Как же оправдал профессор Л. то доверие, которое оказало ему общество? Учил ли он студентов плохому? Влиял ли дурно на них своим личным примером? Ничуть не бывало: к нему нет никаких претензий. Еще несколько месяцев назад руководители института подписали документ, из которого видно, что вся педагогическая работа профессора проходит «на высоком идейно-теоретическом и научном уровне». Таких документов в его личном деле немало, и ни одна строчка не бросает на него лично даже самую малую тень.
Тогда в чем же именно он провинился?
Поразительно упорство, с которым следователь, занимавшийся делом его сыновей, искал зримую связь между их преступлением и «пагубным влиянием» отца, исходя из сомнительной мудрости о яблоке, падающем неподалеку от яблони. Так бывает: уверовав в одну-единственную причину, закрываешь глаза на все остальное, на многообразный и сложный их комплекс, и выискиваешь только то, что будто бы подтверждает желанную версию.
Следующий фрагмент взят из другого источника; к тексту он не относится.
Theorem lemma3p5 (R : realType) (U : set 'rV[R]_2) (f n : 'rV[R]_2 -> 'rV[R]_3)
  (p : 'rV[R]_2) (delta : R) (gamma : R -> 'rV[R]_2)
  (W : set 'rV[R]_2) (xi eta : 'rV[R]_2 -> 'rV[R]_2) :
  open U -> U p ->
  frontal_with U f n ->
  nondegenerate_singular_point f n p ->
  (* singular curve through p *)
  regular_curve delta U gamma -> gamma 0 = p ->
  (forall t, sym_int delta t -> singular_point f (gamma t)) ->
  (* smooth vector fields near p *)
  open W -> W p -> W `<=` U -> smooth_on W xi -> smooth_on W eta ->
  (forall t, sym_int delta t -> W (gamma t)) ->
  (* conditions along gamma *)
  (forall t, sym_int delta t -> xi (gamma t) = derive1 gamma t) ->
  (forall t, sym_int delta t -> derive f (gamma t) (eta (gamma t)) = 0) ->
  (forall t, sym_int delta t -> 0 < det2 (xi (gamma t)) (eta (gamma t))) ->
  (* (a) *) vfiter 3 eta f p = 0 ->
  (* (b) *) lin_indep2 (vfder xi f p) (vfiter 2 eta f p) ->
  (* (c) *) ~ lin_indep2 (vfder xi (vfiter 3 eta f) p) (vfiter 2 eta f p) ->
  exists (eps : R) (c : R -> 'rV[R]_2) (l : R),
    [/\ regular_curve eps U c, c 0 = p,
        (exists k : R, derive1 c 0 = k *: eta p),
        derive1n 2 (f \o c) 0 <> 0 /\
        derive1n 3 (f \o c) 0 = l *: derive1n 2 (f \o c) 0 &
        det3 (derive f p (derive1 gamma 0)) (derive1n 2 (f \o c) 0)
             (3 *: derive1n 5 (f \o c) 0 - (10 * l) *: derive1n 4 (f \o c) 0)
        = 3 * det3 (vfder xi f p) (vfiter 2 eta f p) (vfiter 5 eta f p)].
Proof.
move=> oU Up [sf _ _ _] _ [delta_gt0 _ _ _] gamma0 _ oW Wp WU _ seta _ xi_gamma _
  det_pos eta3 indep _.
have [c [sc c0 flat_c]] := approx_integral_curve oW seta Wp 5.
have derive_fc k : (k <= 5)%N -> derive1n k (f \o c) 0 = vfiter k eta f p.
  move=> k5; rewrite -c0.
  apply: (derive1n_comp_vfiter (I := c @^-1` W) oW _ _ seta _ _ flat_c) => //.
  - exact: smooth_open_preimage.
  - by rewrite /= c0.
  - exact: smooth_subset (subsetT _) sc.
  - exact: smooth_subset WU sf.
have dc0 : derive1 c 0 = eta p by have := flat_c 0%N isT; rewrite /= c0 => /subr0_eq.
have d0 : sym_int delta 0 by rewrite /sym_int /= oppr_lt0 delta_gt0.
have eta_p : eta p != 0.
  by apply/eqP => eta0; have := det_pos 0 d0; rewrite gamma0 eta0 det2r0 ltxx.
have [e ce] : exists e, regular_curve e U c.
  by apply: regular_curve_near0 oU _ sc _; rewrite ?c0 ?dc0.
exists e, c, 0; split=> //.
- by exists 1; rewrite scale1r.
- rewrite !derive_fc // eta3 scale0r; split=> //.
  exact/eqP/(lin_indep2_neq0r indep).
- by rewrite !derive_fc // mulr0 scale0r subr0 det3Z -(xi_gamma 0 d0) gamma0.
Qed.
По делу Игоря и Олега проведены экспертизы, редчайшие в судебной практике: физико-математическая и филологическая. К самому делу — к тем, кого называют «подследственными» — эти экспертизы ни малейшего отношения не имеют. Но имеют — к профессору…
Оба брата учились в институте, где преподает их отец. Следователь заподозрил, что сыновья поступили в институт не без участия папы. Из архива были извлечены письменные работы на вступительных экзаменах семилетней давности. Эксперты решили, что за работы, оцененные четверкой, надо было поставить двойки. Это мнение не подверглось судебной проверке, и, таким образом, ни принять его, ни отвергнуть я не могу. Принимаю как мнение — и только.
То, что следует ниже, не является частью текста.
(* Let $\rho^{ab}$ be a state on $\mathcal H_a\otimes\mathcal H_b$, $\{|i\rangle\}_{i=1}^n$ an orthonormal basis of $\mathcal H_a$, $\eta_i=\mathrm{Tr}[(|i\rangle\langle i|\otimes I^b)\rho^{ab}]$ and (for $\eta_i>0$) $\omega_i=\eta_i^{-1}\sqrt{\rho^{ab}}(|i\rangle\langle i|\otimes I^b)\sqrt{\rho^{ab}}$. Then $$C^a_A(\rho^{ab})=P^{lsm}_E(\{\omega_i,\eta_i\}_{i=1}^n).$$
   Context: $C^a_A(\rho^{ab})=\min_{\sigma}(1-A^2(\rho^{ab},\sigma))$ over partial incoherent states $\sigma=\sum_ip_i|i\rangle\langle i|\otimes\sigma_i$, with $A(\rho,\sigma)=\mathrm{Tr}(\sqrt\rho\sqrt\sigma)$. For an ensemble $\{\rho_i,\eta_i\}$, let $\rho_{out}=\sum_i\eta_i\rho_i$ and $\rho_{out}^{-1/2}=\sum_k\lambda_k^{-1/2}P_k$ for the spectral decomposition $\rho_{out}=\sum_k\lambda_kP_k$ (sum over $\lambda_k>0$). The least square measurement (LSM) is $M^{lsm}_i=\eta_i\rho_{out}^{-1/2}\rho_i\rho_{out}^{-1/2}$, and its error probability is $P^{lsm}_E(\{\rho_i,\eta_i\})=1-\sum_i\eta_i\mathrm{Tr}(M^{lsm}_i\rho_i)$. *)

(* Finite-dimensional quantum states as complex matrices over
   an arbitrary numClosedFieldType C (e.g. algC), using mathcomp's spectral
   theorem (spectral.v) for the functional calculus. *)
From HB Require Import structures.
From mathcomp Require Import all_boot all_order all_algebra.
Set Implicit Arguments. Unset Strict Implicit. Unset Printing Implicit Defensive.
Import Order.TTheory GRing.Theory Num.Theory Num.Def.
Local Open Scope ring_scope.
(* Let $g\in\mathcal G^{\mathrm{dyad}}$. (1) For $d\ge\deg(g)$ and a permutation $\pi$ of $\{1,\dots,2^d\}$ with $g=g_\pi$, the map $T_g:\mathcal H^{X,d}\to\mathcal H^{X,d}$, $T_gf(X_{I^d_1},\dots,X_{I^d_{2^d}}):=f(X_{I^d_{\pi(1)}},\dots,X_{I^d_{\pi(2^d)}})$, is well defined: if $f_1(X_{I^d_1},\dots,X_{I^d_{2^d}})=f_2(X_{I^d_1},\dots,X_{I^d_{2^d}})$ a.s., then $f_1(X_{I^d_{\pi(1)}},\dots)=f_2(X_{I^d_{\pi(1)}},\dots)$ a.s. (2) For $e\ge d\ge\deg(g)$ and $g=g_{\pi_e}=g_{\pi_d}$ with $\pi_e,\pi_d$ permutations of $\{1,\dots,2^e\}$, $\{1,\dots,2^d\}$ respectively, the restriction of $T_{g_{\pi_e}}$ (defined on $\mathcal H^{X,e}$) to $\mathcal H^{X,d}$ equals $T_{g_{\pi_d}}$. (3) For $F\in\mathcal H^{X,d}$ with $d\ge\deg(g)$, $F$ and $T_gF$ have the same distribution; in particular $T_g$ is a linear isometry with respect to the $L_2(\mathcal F^X)$-norm.
   Context: $X=(X_t)_{t\in[0,1]}$ is a Lévy process with càdlàg paths and $X_0\equiv0$ on a complete probability space; $\mathcal F^X$ is $\sigma(X_t:t\in[0,1])$ augmented by null sets; $X_{(a,b]}:=X_b-X_a$. Dyadic intervals $I^d_k=((k-1)2^{-d},k2^{-d}]$. $\mathcal H^{X,d}=\{f(X_{I^d_1},\dots,X_{I^d_{2^d}}):f\text{ bounded continuous on }\mathbb R^{2^d}\}\subseteq L_2(\mathcal F^X)$ (as a.s.-equivalence classes). For a permutation $\pi$ of $\{1,\dots,2^d\}$, $g_\pi:(0,1]\to(0,1]$ is $g_\pi(t)=\pi(k)2^{-d}-(k2^{-d}-t)$ for $t\in I^d_k$; $\mathcal G^{\mathrm{dyad}}$ is the set of all $g_\pi$, $d\ge0$; $\deg(g)$ is the least $d$ such that $g=g_\pi$ for some permutation $\pi$ of $\{1,\dots,2^d\}$. *)

From HB Require Import structures.
From mathcomp Require Import all_boot all_order all_algebra all_fingroup.
From mathcomp Require Import all_classical all_reals all_analysis.
Set Implicit Arguments. Unset Strict Implicit. Unset Printing Implicit Defensive.
Import Order.TTheory GRing.Theory Num.Theory.
Import numFieldNormedType.Exports.
Local Open Scope classical_set_scope.
Local Open Scope ring_scope.

Section Defs.
Context {R : realType} {d0 : measure_display} {Omega : measurableType d0}.

Definition dyad_pt (d k : nat) : R := k%:R / (2 ^ d)%:R.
Ну, так что же, обнаружена взятка? Или подлог? Или, может, небрежность, за которую кто-то понес наказание? Нет, ни взятка, ни подлог не установлены. А наказание, оказывается, должен нести отец: его имя, говорят, магически действовало на экзаменаторов и они якобы завышали оценки.
Между тем в институте учились и дети других профессоров, чьи имена не менее «громки». И это можно только приветствовать: создание инженерных династий — дело нужное, благородное, его поощряли и будут поощрять. Почему не проверено, однако, точны ли оценки на вступительных экзаменах других абитуриентов из преподавательских семей? Не потому ли, что эти абитуриенты впоследствии не преступили закон? И почему никто из экзаменаторов не привлечен к ответственности? Не потому ли, что им нечего вменить в вину?
Завышение оценок с помощью магии своего имени — далеко не весь криминал, который значится за отцом. Установлено, например, что три года назад, возвращаясь с банкета, он вышел из такси под изрядным хмельком… Другой раз по ошибке он вроде бы постучался в чужую квартиру… Об этом говорили негодующие жильцы на собрании, где обсуждалось поведение Игоря и Олега. Жильцы тоже решили, что учить студентов профессор больше не вправе.
Ну, разве это справедливо, разве этично — спустя годы припомнить человеку все оплошности, слабости и грешки, с упоением и пристрастием выискивать их в его прошлом?
И все же, и все же…
Что бы там ни было, от моральной ответственности отцу никуда не уйти, и нести ему ее через всю жизнь. Но зачем же к подлинной вине примешивать еще и другую, искусственно соединяя в общую цепь вещи несоединимые? Только ли для того, чтобы счесть, что из нашумевшей истории сделаны выводы и приняты надлежащие меры?
Что это, в сущности, значит — принять надлежащие меры? Всегда ли непременно — уволить, осудить, объявить выговор, издать грозный приказ? Преступление, совершенное сыном Анны Николаевны, тоже взывало к «принятию мер», и они были приняты ею самой — безжалостно и беспощадно.
Не уход с работы в действительности был этой мерой, а жестокое осуждение, которому она себя подвергла. Голосом совести. Непреходящим чувством вины. Стыдом перед окружающими. Это и есть та моральная ответственность, которая неизбежно должна следовать за моральной виной. Ответственность, наступающая не по приказу номер такой-то, а по приказу души.
Приказом души профессор Л. подверг себя казни, которая не под силу даже самым крутым «оргмерам». Не за то, что когда-то выпил на чьем-то банкете, а за то, что его взрослые дети перечеркнули все, к чему он их вел, бросили черную тень на его доброе имя. Весь город уже знает о его беде и позоре, и я не могу себе представить наказания строже, больнее и тяжелей.
1973
Очерк был опубликован, и сразу же стали приходить читательские письма. Точнее, письма еще были в пути, а уже принесли телеграммы.